Question

A point mass oscillates along the x-axis according to the law $$x=x_{0}cos\left(\omega t-{\displaystyle \frac{\pi }{4}}\right).$$ If the acceleration of the particle is written as$$a=Acos\left(\omega t+\delta \right)$$, then
A.$$A=x_0,\delta ={\displaystyle \frac{\pi }{4}}$$
B.$$A=x_0{\omega }^2,\delta ={\displaystyle \frac{\pi }{4}}$$
C.$$A=x_0{\omega }^2,\delta =-{\displaystyle \frac{\pi }{4}}$$
D.$$A=x_0{\omega }^2,\delta ={\displaystyle \frac{3\pi }{4}}$$

Answer 1

Hint: Projection of the uniform circular motion on a diameter of the circle in which the circular motion occurs is called simple harmonic motion. Given the displacement of the point mass. We know that velocity can be written as the rate of change of displacement with respect to time.
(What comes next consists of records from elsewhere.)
(* Let $G$ be a compact metrizable monothetic group with Haar measure $\mu$. If $A\subset G$ has $\mu(A)>0$, then $\mu(nA)>0$ for every $n\in\mathbb{Z}\setminus\{0\}$, where $nA=\{na:a\in A\}$.
   Context: A topological group is monothetic if it has a dense cyclic subgroup (hence it is abelian). *)

From HB Require Import structures.
From mathcomp Require Import all_boot all_order all_algebra.
From mathcomp Require Import all_classical all_reals all_analysis.
Set Implicit Arguments. Unset Strict Implicit. Unset Printing Implicit Defensive.
Import Order.TTheory GRing.Theory Num.Theory.
Local Open Scope classical_set_scope.
Local Open Scope ring_scope.

Definition borel_set (T : topologicalType) (A : set T) : Prop :=
  <<s [set: T], [set U | open U] >> A.

Definition metrizable (R : realType) (T : topologicalType) : Prop :=
  exists d : T -> T -> R,
    [/\ (forall x y, 0 <= d x y),
        (forall x y, d x y = 0 <-> x = y),
        (forall x y, d x y = d y x),
        (forall x y z, d x z <= d x y + d y z) &
        (forall x (U : set T), nbhs x U <->
           exists e : R, 0 < e /\ [set y | d x y < e] `<=` U)].

Definition monothetic (G : topologicalZmodType) : Prop :=
  exists g : G, closure (range (fun k : int => g *~ k)) = [set: G].

Definition haar_measure (R : realType) (G : topologicalZmodType)
    (mu : set G -> \bar R) : Prop :=
  [/\ mu set0 = 0%E /\ (forall A, borel_set A -> (0 <= mu A)%E),
      (forall F : nat -> set G, (forall n, borel_set (F n)) ->
          trivIset [set: nat] F ->
          (fun n => \sum_(i < n) mu (F i))%E @ \oo --> mu (\bigcup_n F n)),
      mu [set: G] = 1%E,
      (forall (x : G) A, borel_set A -> mu [set x + a | a in A] = mu A) &
      (forall A, borel_set A ->
          mu A = ereal_sup [set mu K | K in [set K | compact K /\ K `<=` A]])].

From HB Require Import structures.
From mathcomp Require Import all_boot all_order all_algebra.
From mathcomp Require Import all_classical all_reals all_analysis.
From mathcomp Require Import lra.
Set Implicit Arguments. Unset Strict Implicit. Unset Printing Implicit Defensive.
Import Order.TTheory GRing.Theory Num.Theory.
Local Open Scope classical_set_scope.
Local Open Scope ring_scope.

(* By inner regularity we may assume that A is a compact set K. Let g
   generate a dense cyclic subgroup; since nG is closed, the |n|
   translates g i + nG (0 <= i < |n|) cover G, so mu(nG) > 0. Now apply
   Fubini to the closed set S = {(x, y) | x + n y \in nK} of G x G, which is
   product-measurable because G is separable and metrizable: each y-section
   of S is a translate of nK, while over every x = n z the x-section contains
   the translate -z + K. Hence, if mu(nK) were 0,
   0 = \int mu(S^y) dy = \int mu(S_x) dx >= mu(K) mu(nG) > 0. *)

Section TopologicalZmoduleFacts.
Variable G : topologicalZmodType.

Lemma mulrn_continuous (k : nat) : continuous (fun x : G => x *+ k).
Proof.
elim: k => [|k IHk].
  by under eq_fun do rewrite mulr0n; exact: cst_continuous.
under eq_fun do rewrite mulrS.
move=> x; apply: (@continuous_comp _ _ _ (fun x => (x, x *+ k)) (fun z : G * G => z.1 + z.2)).
  by apply: cvg_pair; [exact: cvg_id | exact: IHk].
exact: add_continuous.
Qed.

Lemma mulrz_continuous (n : int) : continuous (fun x : G => x *~ n).
Proof.
case: n => k; first exact: mulrn_continuous.
under eq_fun do rewrite NegzE mulrNz.
move=> x; apply: (@continuous_comp _ _ _ (fun x => x *+ k.+1) -%R).
  exact: mulrn_continuous.
exact: opp_continuous.
Qed.

Lemma addr_continuous (a : G) : continuous (fun x : G => a + x).
Proof.
move=> x; apply: (@continuous_comp _ _ _ (fun x => (a, x)) (fun z : G * G => z.1 + z.2)).
  by apply: cvg_pair; [exact: cvg_cst | exact: cvg_id].
exact: add_continuous.
Qed.

Lemma addr_mulrz_continuous (n : int) :
  continuous (fun p : G * G => p.1 + p.2 *~ n).
Proof.
move=> p; apply: (@continuous_comp _ _ _ (fun p : G * G => (p.1, p.2 *~ n))
  (fun z : G * G => z.1 + z.2)); last exact: add_continuous.
apply: cvg_pair; first exact: cvg_fst.
apply: (@continuous_comp _ _ _ snd (fun y : G => y *~ n)); first exact: cvg_snd.
exact: mulrz_continuous.
Qed.

Lemma translate_preimage (a : G) (A : set G) :
  [set a + x | x in A] = (fun y => - a + y) @^-1` A.
Proof.
apply/seteqP; split => [_ [x Ax <-]|y Ay]; first by rewrite /= addKr.
by exists (- a + y); rewrite ?addrNK // addNKr.
Qed.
So we need to differentiate this displacement so that we get the velocity of the point mass and then we need to differentiate the velocity in order to get the acceleration. Then we need to equate both the acceleration in order to get our answer.

Complete answer:
Given the displacement of the point mass as, $$x=x_{0}cos\left(\omega t-{\displaystyle \frac{\pi }{4}}\right).$$
We know that velocity $$v$$=$${\displaystyle \frac{dx}{dt}}$$.
Differentiating the displacement, we get$$v={\displaystyle \frac{d}{dt}}\left[x_{0}cos\left(\omega t-{\displaystyle \frac{\pi }{4}}\right)\right]$$
$$v=-x_0\omega \sin \left(\omega t-{\displaystyle \frac{\pi }{4}}\right)$$
The physical significance of the negative sign is that the velocity component of the point is directed to the left, in the negative direction of $$x$$.
And then we need to differentiate the velocity to get the acceleration of the point mass.
$$a={\displaystyle \frac{dv}{dt}}={\displaystyle \frac{d\left[-x_0\omega \sin \left(\omega t-{\displaystyle \frac{\pi }{4}}\right)\right]}{dt}}$$
$$a=-x_0{\omega }^{2}cos(\omega t-{\displaystyle \frac{\pi }{4}})$$
By trigonometric ratios, we know that,
$$\cos (180+\theta )=-\cos \theta$$
Therefore we can write the acceleration as,
$$a=x_0{\omega }^2\left[cos\pi +\left(\omega t-{\displaystyle \frac{\pi }{4}}\right)\right]$$
Simplifying the above equation,
$$a=x_0{\omega }^{2}cos\left(\omega t+{\displaystyle \frac{3\pi }{4}}\right)$$…….. (1)
Also given that
$$a=Acos\left(\omega t+\delta \right)$$ ……… (2)
Equating both equations (1) and (2) we get,
$$A=x_0{\omega }^2$$ and,
$$\delta ={\displaystyle \frac{3\pi }{4}}$$

Therefore the correct option is D.

Note:
Simple harmonic motion can be defined as the motion in which the displacement of the body from its mean position is directly proportional to its restoring force. The restoring force’s direction is always towards the mean position. Simple harmonic motion can also be described as an oscillatory motion. It is said to be a special case of oscillatory motion. All the SHM’s are oscillatory and also periodic motion. But we cannot say that all oscillatory motion is SHM.